● Assignment:
From the line containing "have term_le k : q (series (t k) N)" down to the line containing "- by apply: sumr_ge0 => n _; rewrite exprn_ge0" in the records below, reproduce every line exactly, ends included, and omit all others.
*** Opening of Records for this task ***
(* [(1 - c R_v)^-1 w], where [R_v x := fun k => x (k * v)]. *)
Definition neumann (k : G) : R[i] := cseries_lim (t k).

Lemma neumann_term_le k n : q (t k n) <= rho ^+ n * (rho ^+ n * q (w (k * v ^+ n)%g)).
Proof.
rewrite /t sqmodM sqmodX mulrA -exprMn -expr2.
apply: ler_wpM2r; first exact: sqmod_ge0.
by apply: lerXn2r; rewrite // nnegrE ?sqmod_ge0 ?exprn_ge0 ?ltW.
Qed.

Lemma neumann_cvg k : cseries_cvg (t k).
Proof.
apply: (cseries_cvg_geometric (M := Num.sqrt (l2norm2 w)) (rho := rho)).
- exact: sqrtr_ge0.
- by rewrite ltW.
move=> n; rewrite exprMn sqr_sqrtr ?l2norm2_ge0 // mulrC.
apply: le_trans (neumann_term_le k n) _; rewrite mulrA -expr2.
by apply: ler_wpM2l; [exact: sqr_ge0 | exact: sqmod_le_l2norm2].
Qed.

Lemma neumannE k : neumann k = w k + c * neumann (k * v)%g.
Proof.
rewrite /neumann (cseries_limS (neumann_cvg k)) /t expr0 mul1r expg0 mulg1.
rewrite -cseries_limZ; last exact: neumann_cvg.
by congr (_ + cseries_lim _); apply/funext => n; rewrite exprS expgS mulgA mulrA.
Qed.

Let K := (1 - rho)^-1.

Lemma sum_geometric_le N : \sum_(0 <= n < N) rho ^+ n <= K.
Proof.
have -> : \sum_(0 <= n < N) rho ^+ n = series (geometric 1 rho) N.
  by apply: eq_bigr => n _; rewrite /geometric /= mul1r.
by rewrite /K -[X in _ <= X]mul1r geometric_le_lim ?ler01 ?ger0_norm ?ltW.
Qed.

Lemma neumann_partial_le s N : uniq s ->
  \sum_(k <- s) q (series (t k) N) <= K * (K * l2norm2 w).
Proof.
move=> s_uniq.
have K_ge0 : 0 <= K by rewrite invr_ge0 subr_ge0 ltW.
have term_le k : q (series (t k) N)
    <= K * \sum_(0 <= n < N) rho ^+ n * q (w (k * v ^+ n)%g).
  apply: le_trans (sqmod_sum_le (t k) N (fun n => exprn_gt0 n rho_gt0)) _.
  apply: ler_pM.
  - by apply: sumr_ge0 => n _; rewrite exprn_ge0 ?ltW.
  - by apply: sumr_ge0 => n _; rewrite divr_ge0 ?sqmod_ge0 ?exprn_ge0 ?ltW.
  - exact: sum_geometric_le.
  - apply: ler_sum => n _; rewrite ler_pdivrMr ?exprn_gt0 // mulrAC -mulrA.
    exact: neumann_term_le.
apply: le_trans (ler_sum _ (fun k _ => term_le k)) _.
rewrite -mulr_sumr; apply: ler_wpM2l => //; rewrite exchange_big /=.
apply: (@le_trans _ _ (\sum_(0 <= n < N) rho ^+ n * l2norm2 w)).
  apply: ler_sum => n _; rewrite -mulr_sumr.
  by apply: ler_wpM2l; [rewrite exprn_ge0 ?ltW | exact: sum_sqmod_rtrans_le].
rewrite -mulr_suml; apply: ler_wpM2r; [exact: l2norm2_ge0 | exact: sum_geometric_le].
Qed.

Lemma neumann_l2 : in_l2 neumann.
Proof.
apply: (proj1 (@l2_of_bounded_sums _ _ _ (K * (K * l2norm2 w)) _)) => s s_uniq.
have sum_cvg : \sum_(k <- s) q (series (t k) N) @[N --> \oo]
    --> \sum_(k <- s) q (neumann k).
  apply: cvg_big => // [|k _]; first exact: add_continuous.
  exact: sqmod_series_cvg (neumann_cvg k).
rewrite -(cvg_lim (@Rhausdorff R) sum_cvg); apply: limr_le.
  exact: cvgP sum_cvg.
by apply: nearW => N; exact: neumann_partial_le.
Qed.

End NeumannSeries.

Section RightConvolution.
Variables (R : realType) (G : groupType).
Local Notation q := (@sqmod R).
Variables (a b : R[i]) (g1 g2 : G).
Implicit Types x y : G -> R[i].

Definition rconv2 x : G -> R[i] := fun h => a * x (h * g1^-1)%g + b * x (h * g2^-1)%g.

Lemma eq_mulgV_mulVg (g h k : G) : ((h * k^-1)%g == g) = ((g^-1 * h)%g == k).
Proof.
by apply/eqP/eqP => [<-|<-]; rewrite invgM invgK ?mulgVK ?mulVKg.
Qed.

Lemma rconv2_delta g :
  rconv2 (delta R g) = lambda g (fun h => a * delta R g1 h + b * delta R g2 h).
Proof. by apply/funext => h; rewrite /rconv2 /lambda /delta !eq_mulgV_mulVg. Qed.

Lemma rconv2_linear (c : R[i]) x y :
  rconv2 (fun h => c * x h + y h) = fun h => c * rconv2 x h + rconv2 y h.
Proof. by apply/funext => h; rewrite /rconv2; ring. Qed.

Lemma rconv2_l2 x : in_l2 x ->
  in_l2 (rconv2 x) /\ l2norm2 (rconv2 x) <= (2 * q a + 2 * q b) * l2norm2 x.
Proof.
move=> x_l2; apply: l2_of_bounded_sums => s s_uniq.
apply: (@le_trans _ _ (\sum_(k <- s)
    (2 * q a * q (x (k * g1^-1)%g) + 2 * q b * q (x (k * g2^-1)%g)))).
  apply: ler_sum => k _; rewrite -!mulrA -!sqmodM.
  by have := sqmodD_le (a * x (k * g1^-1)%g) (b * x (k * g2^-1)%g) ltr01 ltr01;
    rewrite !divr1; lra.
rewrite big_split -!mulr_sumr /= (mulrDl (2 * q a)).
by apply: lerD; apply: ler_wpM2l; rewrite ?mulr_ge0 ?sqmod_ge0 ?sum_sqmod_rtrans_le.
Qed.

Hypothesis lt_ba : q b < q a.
*** Close of Records for this task ***
● Worked solution:
have term_le k : q (series (t k) N)
    <= K * \sum_(0 <= n < N) rho ^+ n * q (w (k * v ^+ n)%g).
  apply: le_trans (sqmod_sum_le (t k) N (fun n => exprn_gt0 n rho_gt0)) _.
  apply: ler_pM.
  - by apply: sumr_ge0 => n _; rewrite exprn_ge0 ?ltW.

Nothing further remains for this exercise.